DESCRIPTION OF THE TASK
Your reply should be made up of every line in the records below that holds the string "Dfair".

Collected data entries
Definition viable (i : node) (k : nat) (v : V) (b : vm) : Prop :=
  let den := mubar - theta v * (Lambda b + rlam (req k)) in
  [/\ vm_node b = i, vm_vnf b = v,
      (exists j, in_range j (Dfair k v) /\
                 forall k', k' \in vm_jobs b -> in_range j (Dfair k' v)),
      0 < den &
      (1 / den <= Dfair k v /\
       forall k', k' \in vm_jobs b -> 1 / den <= Dfair k' v)].

Definition add_job (b : vm) (k : nat) : vm :=
  let js := k :: vm_jobs b in
  VM (vm_node b) (vm_vnf b) (alloc (VM (vm_node b) (vm_vnf b) 0 js)) js.

Definition place (s : state) (k : nat) (v : V) (i : node) (s' : state) : Prop :=
  (exists s1 b s2, s = s1 ++ b :: s2 /\ viable i k v b /\
     (forall b', List.In b' s -> viable i k v b' -> Lambda b' <= Lambda b) /\
     s' = s1 ++ add_job b k :: s2)
  \/
  ((forall b, List.In b s -> ~ viable i k v b) /\
   s' = rcons s (VM i v (theta v * rlam (req k) + 1 / Dfair k v) [:: k])).

Fixpoint place_all (s : state) (k : nat) (i : node) (vs : seq V) (s' : state)
  : Prop :=
  match vs with
  | [::] => s' = s
  | v :: vs' => exists s1, place s k v i s1 /\ place_all s1 k i vs' s'
  end.

Definition arrive (s : state) (k : nat) (s' : state) : Prop :=
  exists (i : node) (vs : seq V),
    layer i = lstar k /\ perm_eq vs (enum (rV (req k))) /\ place_all s k i vs s'.

Definition remove_job (k : nat) (b : vm) : vm :=
  let js := [seq k' <- vm_jobs b | k' != k] in
  VM (vm_node b) (vm_vnf b)
     (if k \in vm_jobs b then alloc (VM (vm_node b) (vm_vnf b) 0 js) else vm_mu b)
     js.
Definition depart (s : state) (k : nat) : state :=
  [seq b <- map (remove_job k) s | ~~ nilp (vm_jobs b)].

Definition step (s : state) (e : event) (s' : state) : Prop :=
  match e with
  | Arr k => arrive s k s'
  | Dep k => s' = depart s k
  end.

Fixpoint run (s : state) (es : seq event) (s' : state) : Prop :=
  match es with
  | [::] => s' = s
  | e :: es' => exists s1, step s e s1 /\ run s1 es' s'
  end.

Definition etime (e : event) : R :=
  match e with Arr k => ra (req k) | Dep k => ra (req k) + rtau (req k) end.
Definition is_arr (k : nat) (e : event) : bool :=
  if e is Arr k' then k' == k else false.
Definition is_dep (k : nat) (e : event) : bool :=
  if e is Dep k' then k' == k else false.
Definition valid_schedule (es : seq event) : Prop :=
  sorted (fun e1 e2 => etime e1 <= etime e2) es /\
  (forall k, (count (is_arr k) es <= 1)%N /\ (count (is_dep k) es <= 1)%N) /\
  (forall k es1 es2, es = es1 ++ Dep k :: es2 -> has (is_arr k) es1).

Definition proc_lat (b : vm) : R := 1 / (vm_mu b - theta (vm_vnf b) * Lambda b).
Definition latency (s : state) (k : nat) : R :=
  \big[Num.max/0]_(b <- s | k \in vm_jobs b) d (layer (vm_node b)) +
  \sum_(b <- s | k \in vm_jobs b) proc_lat b.
Definition feasible (s : state) (k : nat) : Prop :=
  (forall v, v \in rV (req k) ->
     exists b, List.In b s /\ k \in vm_jobs b /\ vm_vnf b = v) /\
  (forall b, List.In b s -> k \in vm_jobs b ->
     [/\ vm_vnf b \in rV (req k), vm_mu b <= mubar,
         0 < vm_mu b - theta (vm_vnf b) * Lambda b &
         proc_lat b <= Dfair k (vm_vnf b)]) /\
  latency s k <= rD (req k).

End Model.

From HB Require Import structures.
From mathcomp Require Import all_boot all_order all_algebra.
From mathcomp Require Import zify.
Set Implicit Arguments. Unset Strict Implicit. Unset Printing Implicit Defensive.
Import Order.TTheory GRing.Theory Num.Theory.
Local Open Scope ring_scope.

(* Before its arrival no VM hosts a job of request r: placing the jobs of
   other requests and removing departing requests never adds one.  On
   arrival each job (r, v) lands on a VM b whose capability is
   theta_v Lambda(b) + 1/m, with m the smallest fair delay among the jobs of b.
   Viability (for a fresh VM, M_{r,v} <= D_r^v) keeps this capability below
   mubar, and the processing latency on b is exactly m <= D_r^v.  All jobs sit
   at layer l*(r) and each VNF of r is placed exactly once, so the latency of r
   is at most d_{l*} + sum_v D_r^v <= D_r. *)

Lemma InP (T : eqType) (x : T) (s : seq T) : reflect (List.In x s) (x \in s).
Proof.
apply: (iffP idP); elim: s => //= y s IH; rewrite in_cons.
  by case/orP=> [/eqP->|/IH]; auto.
by case=> [->|/IH->]; rewrite ?eqxx ?orbT.
Qed.

Definition vm_tuple (R : realFieldType) (V node : finType) (b : vm R V node) :=
  (vm_node b, vm_vnf b, vm_mu b, vm_jobs b).
Definition tuple_vm (R : realFieldType) (V node : finType)
  (t : node * V * R * seq nat) : vm R V node :=
  VM t.1.1.1 t.1.1.2 t.1.2 t.2.
Lemma vm_tupleK (R : realFieldType) (V node : finType) :
  cancel (@vm_tuple R V node) (@tuple_vm R V node).
Proof. by case. Qed.
HB.instance Definition _ (R : realFieldType) (V node : finType) :=
  Equality.copy (vm R V node) (can_type (@vm_tupleK R V node)).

TASK ANSWER
      (exists j, in_range j (Dfair k v) /\
                 forall k', k' \in vm_jobs b -> in_range j (Dfair k' v)),
      (1 / den <= Dfair k v /\
       forall k', k' \in vm_jobs b -> 1 / den <= Dfair k' v)].
   s' = rcons s (VM i v (theta v * rlam (req k) + 1 / Dfair k v) [:: k])).
         proc_lat b <= Dfair k (vm_vnf b)]) /\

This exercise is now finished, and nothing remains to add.